0

I'm looking to implement a multi-map that maintains insertion order of the entries, and allows in-place insertion/replacement without affecting the order. Guava's LinkedListMultimap is almost perfect, but doesn't allow the type of replacement I'm looking for. LinkedListMultimap is implemented as a hash map and multiple linked lists; it looks like this:

                             ________________
                            /                \
(A,1) -> (B,2) -> (A,3) -> (C,4) -> (B,5) -> (C,6) -> (A,7)
 \________\_______/\________________/_________________/
           \_______________________/

Internally, every node has a pointer to the next node in the sequence, as well as the next node with the same key, and a hash table maintains a mapping from keys to the first node with that key.

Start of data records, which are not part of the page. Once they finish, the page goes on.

Lemma mass0_le_int_Z_indicator (b : Z -> bool) (r : nat) :
  (forall k, (- Z.of_nat r < k < Z.of_nat r)%Z -> b k = true) ->
  mass0 p r <= int_Z p (indicator b).
Proof.
  intro Hb.
  replace (mass0 p r) with (mass0 (fun k => p k * indicator b k) r).
  - apply mass0_le_Series; auto using mul_indicator_nonneg,
      ex_series_pos_part_indicator, ex_series_neg_part_indicator.
  - unfold mass0. f_equal. apply map_ext_in. intros i Hi. apply in_seq in Hi.
    unfold indicator. rewrite Hb by lia. ring.
Qed.

Variables (eps : R) (r : nat).
Hypothesis Hmass : mass0 p r > 1 - eps.

Lemma int_Z_indicator_lt (b : Z -> bool) :
  (forall k, (- Z.of_nat r < k < Z.of_nat r)%Z -> b k = false) ->
  int_Z p (indicator b) < eps.
Proof.
  intro Hb. pose proof (int_Z_indicator_add_negb b).
  assert (mass0 p r <= int_Z p (indicator (fun k => negb (b k)))); [|lra].
  apply mass0_le_int_Z_indicator. intros k Hk. rewrite Hb by exact Hk. reflexivity.
Qed.

Lemma int_Z_indicator_gt (b : Z -> bool) :
  (forall k, (- Z.of_nat r < k < Z.of_nat r)%Z -> b k = true) ->
  1 - eps < int_Z p (indicator b) <= 1.
Proof.
  intro Hb. pose proof (int_Z_indicator_add_negb b).
  pose proof (int_Z_indicator_nonneg (fun k => negb (b k))).
  pose proof (mass0_le_int_Z_indicator b r Hb). lra.
Qed.

End ProbabilityOnZ.

Lemma Rabs_sub_mul_lt_add (N x y e e' m : R) :
  0 <= m -> Rabs (N - x * m) < e * m -> Rabs (x - y) < e' -> Rabs (N - y * m) < (e + e') * m.
Proof.
  intros Hm H Hxy. replace (N - y * m) with ((N - x * m) + (x - y) * m) by ring.
  eapply Rle_lt_trans; [apply Rabs_triang|]. rewrite Rabs_mult, (Rabs_pos_eq m) by exact Hm. nra.
Qed.

Section Counts.

Variables (am a0 ap : R) (p : Z -> R) (eps : R) (R0 r n : nat) (w : list Z).
Hypotheses (Ha0 : 0 <= a0 <= 1) (Hp : is_prob_Z p) (Hmass : mass0 p r > 1 - eps)
  (Hr : (r < R0)%nat) (Hw : Omega0_ball n am a0 ap p (/ 2 ^ R0 * eps) w).

Lemma Rabs_count_between_sub_mass_lt (a b : zbar) (c e : R) :
  0 < c <= 1 -> / 2 ^ R0 * eps = c * e ->
  (forall k, zbar_leb a k = false -> c <= phi a - phi k) ->
  (forall k, zbar_leb k b = false -> c <= phi k - phi b) ->
  Rabs (INR (length (filter (fun z => zbar_between a b (Fin z)) w))
        - int_mu am a0 ap p (indicator (zbar_between a b)) * INR n) < e * INR n.
Proof.
  intros Hc He Ha Hb. apply (Rabs_count_sub_mass_lt n am a0 ap p _ w Hw _ c e); auto.
  apply zbar_between_separated; auto.
Qed.

Lemma cnt_minus_close : Rabs (INR (cnt_minus R0 w) - am * INR n) < 2 * eps * INR n.
Proof.
  set (b := fun k => Z.leb k (- Z.of_nat R0)).
  assert (H := Rabs_count_between_sub_mass_lt NegInf (Fin (- Z.of_nat R0)) (/ 2 ^ R0) eps
                 (conj (inv_pow2_pos R0) (inv_pow2_le_1 R0)) eq_refl
                 ltac:(intros k Hk; discriminate Hk)
                 ltac:(intros k Hk; apply phi_gap_above; [lia | exact Hk])).
  change (length _) with (cnt_minus R0 w) in H.
  change (int_mu _ _ _ _ _) with (am * 1 + a0 * int_Z p (indicator b) + ap * 0) in H.
  pose proof (int_Z_indicator_nonneg p Hp b).
  pose proof (int_Z_indicator_lt p Hp eps r Hmass b ltac:(intros k Hk; apply Z.leb_gt; lia)).
  replace (2 * eps) with (eps + eps) by ring.
  apply (Rabs_sub_mul_lt_add _ _ _ _ _ _ (pos_INR n) H).
  rewrite Rabs_pos_eq; nra.
Qed.

Lemma cnt_zero_close : Rabs (INR (cnt_zero R0 w) - a0 * INR n) < 2 * eps * INR n.
Proof.
  set (b := fun k => andb (Z.leb (- Z.of_nat R0 + 1) k) (Z.leb k (Z.of_nat R0 - 1))).
  assert (H := Rabs_count_between_sub_mass_lt (Fin (- Z.of_nat R0 + 1)) (Fin (Z.of_nat R0 - 1))
                 (/ 2 ^ R0) eps (conj (inv_pow2_pos R0) (inv_pow2_le_1 R0)) eq_refl
                 ltac:(intros k Hk; apply phi_gap_below; [lia | exact Hk])
                 ltac:(intros k Hk; apply phi_gap_above; [lia | exact Hk])).
  change (length _) with (cnt_zero R0 w) in H.
  change (int_mu _ _ _ _ _) with (am * 0 + a0 * int_Z p (indicator b) + ap * 0) in H.
  pose proof (int_Z_indicator_gt p Hp eps r Hmass b
                ltac:(intros k Hk; apply andb_true_iff; split; apply Z.leb_le; lia)).
  replace (2 * eps) with (eps + eps) by ring.
  apply (Rabs_sub_mul_lt_add _ _ _ _ _ _ (pos_INR n) H).
  rewrite Rabs_left1; nra.
Qed.

Lemma cnt_plus_close : Rabs (INR (cnt_plus R0 w) - ap * INR n) < 2 * eps * INR n.
Proof.
  set (b := fun k => zbar_between (Fin (Z.of_nat R0)) PosInf (Fin k)).
  assert (H := Rabs_count_between_sub_mass_lt (Fin (Z.of_nat R0)) PosInf (/ 2 ^ R0) eps
                 (conj (inv_pow2_pos R0) (inv_pow2_le_1 R0)) eq_refl
                 ltac:(intros k Hk; apply phi_gap_below; [lia | exact Hk])
                 ltac:(intros [] Hk; discriminate Hk)).
  rewrite (filter_ext _ (fun z => Z.leb (Z.of_nat R0) z)) in H by (intro; apply andb_true_r).
  change (length _) with (cnt_plus R0 w) in H.
  change (int_mu _ _ _ _ _) with (am * 0 + a0 * int_Z p (indicator b) + ap * 1) in H.
  pose proof (int_Z_indicator_nonneg p Hp b).
  pose proof (int_Z_indicator_lt p Hp eps r Hmass b
                ltac:(intros k Hk; apply andb_false_iff; left; apply Z.leb_gt; lia)).
  replace (2 * eps) with (eps + eps) by ring.
  apply (Rabs_sub_mul_lt_add _ _ _ _ _ _ (pos_INR n) H).
  rewrite Rabs_pos_eq; nra.
Qed.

Unfortunately, this doesn't allow for efficient in-place insertions or replacements. For example, to replace (C,4) with (B,8), I'd have to walk backwards an arbitrarily long way to find (B,2) in order to update its "next of same key" pointer.

The best idea I have to far is to associate each element with a sequence number, and keep a sorted set for each key. But to insert in the middle of the sequence, I would need infinitely divisible sequence numbers.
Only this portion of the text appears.